Lemma lead_combination_neq0 n mu a b c p1 p2 p3 r1 r2 r3 :
  gcd3_one a b c -> deg3 a b c = n -> c != 0 -> (mu.*2.+2 <= n)%N ->
  (deg3 p1 p2 p3 <= mu)%N -> (deg3 r1 r2 r3 <= n - mu)%N ->
  a = det2 p2 p3 r2 r3 -> b = det2 p3 p1 r3 r1 -> c = det2 p1 p2 r1 r2 ->
  (r1`_(n - mu))%:P * a + (r2`_(n - mu))%:P * b + (r3`_(n - mu))%:P * c != 0.
Proof.
move=> gabc dabc c0 mu_n dp dr ea eb ec; set k := (n - mu)%N.
have /and3P[sr1 sr2 sr3] : [&& size r1 <= k.+1, size r2 <= k.+1 & size r3 <= k.+1]%N.
  by rewrite -deg3_leq.
have pr0 : (det2 p2 p3 r2 r3, det2 p3 p1 r3 r1, det2 p1 p2 r1 r2) != (0, 0, 0).
  by rewrite -ea -eb -ec; apply: contraNneq c0 => -[_ _ ->].
have k_gt0 : (0 < k)%N by rewrite /k; lia.
(* [L = (r1`_k, r2`_k, r3`_k)] is nonzero, or else [deg3 (p x r) < n]; a constant
   syzygy [L] would be parallel to both [p] and [r] by the degree bound *)
have [L0|L0] := eqVneq (r1`_k, r2`_k, r3`_k) (0, 0, 0).
  case: L0 => r1k r2k r3k; exfalso.
  have dr' : (deg3 r1 r2 r3 <= k.-1)%N.
    by rewrite deg3_leq prednK //; apply/and3P; split; exact: size_leq_coef0.
  have := deg3_cross p1 p2 p3 r1 r2 r3; rewrite -ea -eb -ec dabc.
  by move: dp dr' mu_n; rewrite /k; lia.
set L1 := (r1`_k)%:P; set L2 := (r2`_k)%:P; set L3 := (r3`_k)%:P.
apply/negP => /eqP syzL.
have {}L0 : (L1, L2, L3) != (0, 0, 0).
  by apply: contraNneq L0 => -[/polyC_inj-> /polyC_inj-> /polyC_inj->].
have syzp : syz a b c p1 p2 p3 by rewrite /syz ea eb ec /det2; ring.
have syzr : syz a b c r1 r2 r3 by rewrite /syz ea eb ec /det2; ring.
have dL : deg3 L1 L2 L3 = 0%N by apply/eqP; rewrite -leqn0 deg3_leq !size_polyC_leq1.
have Lp0 : (det2 L2 L3 p2 p3, det2 L3 L1 p3 p1, det2 L1 L2 p1 p2) = (0, 0, 0).
  apply: cross_syz_eq0 gabc syzL syzp _; apply: leq_ltn_trans (deg3_cross _ _ _ _ _ _) _.
  by rewrite dL dabc; lia.
have Lr0 : (det2 L2 L3 r2 r3, det2 L3 L1 r3 r1, det2 L1 L2 r1 r2) = (0, 0, 0).
  apply: cross_syz_eq0 gabc syzL syzr _; rewrite dabc.
  have : (deg3 (det2 L2 L3 r2 r3) (det2 L3 L1 r3 r1) (det2 L1 L2 r1 r2) <= k.-1)%N.
    by rewrite deg3_leq prednK //; apply/and3P; split; exact: size_det2_lead.
  by rewrite /k; lia.
by move: pr0; rewrite (cross_eq0_trans L0 Lp0 Lr0) eqxx.
Qed.

Lemma gcd3_one_common_root a b c (z : F) :
  gcd3_one a b c -> root a z -> root b z -> root c z -> False.
Proof.
rewrite /gcd3_one -size_poly_eq1 => /eqP gabc1 az bz cz.
have : ('X - z%:P) %| gcdp (gcdp a b) c by rewrite !dvdp_gcd !dvdp_XsubCl az bz cz.
by move/dvdp_leq; rewrite -size_poly_eq0 gabc1 size_XsubC => /(_ isT).
Qed.

Lemma size_CXn_leq (x : F) m : (size (x%:P * 'X^m)%R <= m.+1)%N.
Proof.
apply: leq_trans (size_polyMleq _ _) _; rewrite size_polyXn.
by have := size_polyC_leq1 x; move: (size x%:P); lia.
Qed.

End Syzygies.

Section EpsilonDeformation.
Variable K : fieldType.
Implicit Types (x w : {poly K}) (A B C P Q R S : {poly {poly K}}).

Local Notation eps := (('X : {poly K})%:P).

Definition deform x w : {poly {poly K}} := x^:P + eps * w^:P.

Lemma size_over_frac P : size (over_frac P) = size P.
Proof. by rewrite size_map_inj_poly // => u v /eqP; rewrite tofrac_eq => /eqP. Qed.

Lemma over_frac_eq0 P : (over_frac P == 0) = (P == 0).
Proof. by rewrite -!size_poly_eq0 size_over_frac. Qed.

Lemma over_frac_det2 P Q R S :
  over_frac (det2 P Q R S) = det2 (over_frac P) (over_frac Q) (over_frac R) (over_frac S).
Proof. by rewrite /over_frac /det2 rmorphB !rmorphM. Qed.

Lemma syz_over_frac A B C P Q R :
  P * A + Q * B + R * C = 0 -> syz (over_frac A) (over_frac B) (over_frac C)
                         (over_frac P) (over_frac Q) (over_frac R).
Proof. by rewrite /syz /over_frac -!rmorphM -!rmorphD => ->; rewrite rmorph0. Qed.

Lemma size_at_eps0 P : (size (at_eps0 P) <= size P)%N.
Proof. exact: size_poly. Qed.

Lemma deg3_at_eps0 A B C :
  (deg3 (at_eps0 A) (at_eps0 B) (at_eps0 C)
    <= deg3 (over_frac A) (over_frac B) (over_frac C))%N.
Proof.
rewrite /deg3 !size_over_frac.
have := size_at_eps0 A; have := size_at_eps0 B; have := size_at_eps0 C.
by move: (size (at_eps0 A)) (size (at_eps0 B)) (size (at_eps0 C)); lia.
Qed.

Lemma at_eps0_deform x w : at_eps0 (deform x w) = x.
Proof.
apply/polyP => i; rewrite /at_eps0 coef_map_id0 ?horner0 // coefD coefCM !coef_map /=.
by rewrite hornerD hornerC hornerM hornerX mul0r addr0.
Qed.

Lemma size_deform x w s :
  (size x <= s)%N -> (size w <= s)%N -> (size (deform x w) <= s)%N.
Proof.
move=> sx sw; apply: leq_trans (size_polyD _ _) _.
by rewrite geq_max size_map_polyC size_Cmul ?polyX_eq0 // size_map_polyC sx.
Qed.

Lemma root_deform x w (z : K) : root (over_frac (deform x w)) (tofrac z%:P) -> root x z.
Proof.
rewrite /root /over_frac horner_map /= tofrac_eq0 => /eqP /(congr1 (coefp 0)) /=.
rewrite hornerD hornerM hornerC !horner_map /= coefD coefC coef0 /=.
by rewrite coefMC coefX mul0r addr0 => ->.
Qed.

End EpsilonDeformation.

Lemma dvdp_over_frac_root (K : closedFieldType) (m : {poly K})
    (G : {poly {fraction {poly K}}}) :
  m != 0 -> G %| over_frac m^:P -> size G != 1%N -> exists z : K, root G (tofrac z%:P).
Proof.
move=> + + G_nunit; elim: {m}(size m) {-2}m (leqnn (size m)) => [|s IH] m sm m0 Gm.
  by move: sm; rewrite leqn0 size_poly_eq0 (negPf m0).
have m'0 : over_frac m^:P != 0 by rewrite over_frac_eq0 map_polyC_eq0.
have [/closed_rootP[z mz]|/negPn/eqP sm1] := boolP (size m != 1%N); last first.
  have := dvdp_leq m'0 Gm; rewrite size_over_frac size_map_polyC sm1.
  have : (0 < size G)%N.
    by rewrite size_poly_gt0; apply: contraNneq m'0 => G0; rewrite -(dvd0p _) -G0.
  by move: G_nunit; move: (size G); lia.
have [rz|nrz] := boolP (root G (tofrac z%:P)); first by exists z.
have [m1 em] := factor_theorem _ _ mz.
have m10 : m1 != 0 by apply: contraNneq m0 => m10; rewrite em m10 mul0r.
apply: (IH m1) => //.
  by move: sm; rewrite em size_mul ?polyXsubC_eq0 // size_XsubC addn2; move: (size m1); lia.
rewrite -(Gauss_dvdpl _ (q := 'X - (tofrac z%:P)%:P)) ?coprimep_XsubC //.
suff <- : over_frac ('X - z%:P)^:P = 'X - (tofrac z%:P)%:P.
  by rewrite /over_frac -!rmorphM /= -em.
by rewrite /over_frac !rmorphB /= !map_polyX !map_polyC.
Qed.

Section Deformation.
Variables (K : closedFieldType) (n mu : nat) (a b c p1 p2 p3 r1 r2 r3 : {poly K}).
Hypotheses (mu_n : (mu.*2.+2 <= n)%N) (gabc : gcd3_one a b c) (dabc : deg3 a b c = n)
  (c0 : c != 0).
Hypotheses (ea : a = det2 p2 p3 r2 r3) (eb : b = det2 p3 p1 r3 r1)
  (ec : c = det2 p1 p2 r1 r2).
Hypotheses (dp : (deg3 p1 p2 p3 <= mu)%N) (dr : (deg3 r1 r2 r3 <= n - mu)%N).

Local Notation k := (n - mu)%N.
Local Notation eps := (('X : {poly K})%:P).

Let u1 : {poly K} := (r1`_k)%:P * 'X^(mu.+1).
Let u2 : {poly K} := (r2`_k)%:P * 'X^(mu.+1).
Let u3 : {poly K} := (r3`_k)%:P * 'X^(mu.+1).
Let P1 := deform p1 u1.
Let P2 := deform p2 u2.
Let P3 := deform p3 u3.
Let V1 := det2 P2 P3 r2^:P r3^:P.
Let V2 := det2 P3 P1 r3^:P r1^:P.
Let V3 := det2 P1 P2 r1^:P r2^:P.
Let Q1 := eps * r1^:P - 'X^(k - mu.+1) * P1.
Let Q2 := eps * r2^:P - 'X^(k - mu.+1) * P2.
Let Q3 := eps * r3^:P - 'X^(k - mu.+1) * P3.

Let V_deform :
  [/\ V1 = deform a (det2 u2 u3 r2 r3), V2 = deform b (det2 u3 u1 r3 r1)
    & V3 = deform c (det2 u1 u2 r1 r2)].
Proof.
by rewrite ea eb ec /V1 /V2 /V3 /P1 /P2 /P3 /deform /det2; split;
  rewrite !rmorphB !rmorphM /=; ring.
Qed.

Let size_p : [/\ size p1 <= mu.+1, size p2 <= mu.+1 & size p3 <= mu.+1]%N.
Proof. by apply/and3P; rewrite -deg3_leq. Qed.

Let size_r : [/\ size r1 <= k.+1, size r2 <= k.+1 & size r3 <= k.+1]%N.
Proof. by apply/and3P; rewrite -deg3_leq. Qed.

Let size_u_cross_r (r r' : {poly K}) :
  (size r <= k.+1)%N -> (size r' <= k.+1)%N ->
  (size (det2 ((r`_k)%:P * 'X^(mu.+1)) ((r'`_k)%:P * 'X^(mu.+1)) r r') <= n.+1)%N.
Proof.
move=> sr sr'; have := size_det2_lead sr sr'.
have -> : det2 ((r`_k)%:P * 'X^(mu.+1)) ((r'`_k)%:P * 'X^(mu.+1)) r r' =
    'X^(mu.+1) * det2 (r`_k)%:P (r'`_k)%:P r r' by rewrite /det2; ring.
move=> sL; apply: leq_trans (size_polyMleq _ _) _; rewrite size_polyXn.
by move: (size (det2 (r`_k)%:P (r'`_k)%:P r r')) sL mu_n; lia.
Qed.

·····

| Task instructions |
Could you return every line from the entries above in which the string "prednK" occurs?

| Reply to the task |
    by rewrite deg3_leq prednK //; apply/and3P; split; exact: size_leq_coef0.
    by rewrite deg3_leq prednK //; apply/and3P; split; exact: size_det2_lead.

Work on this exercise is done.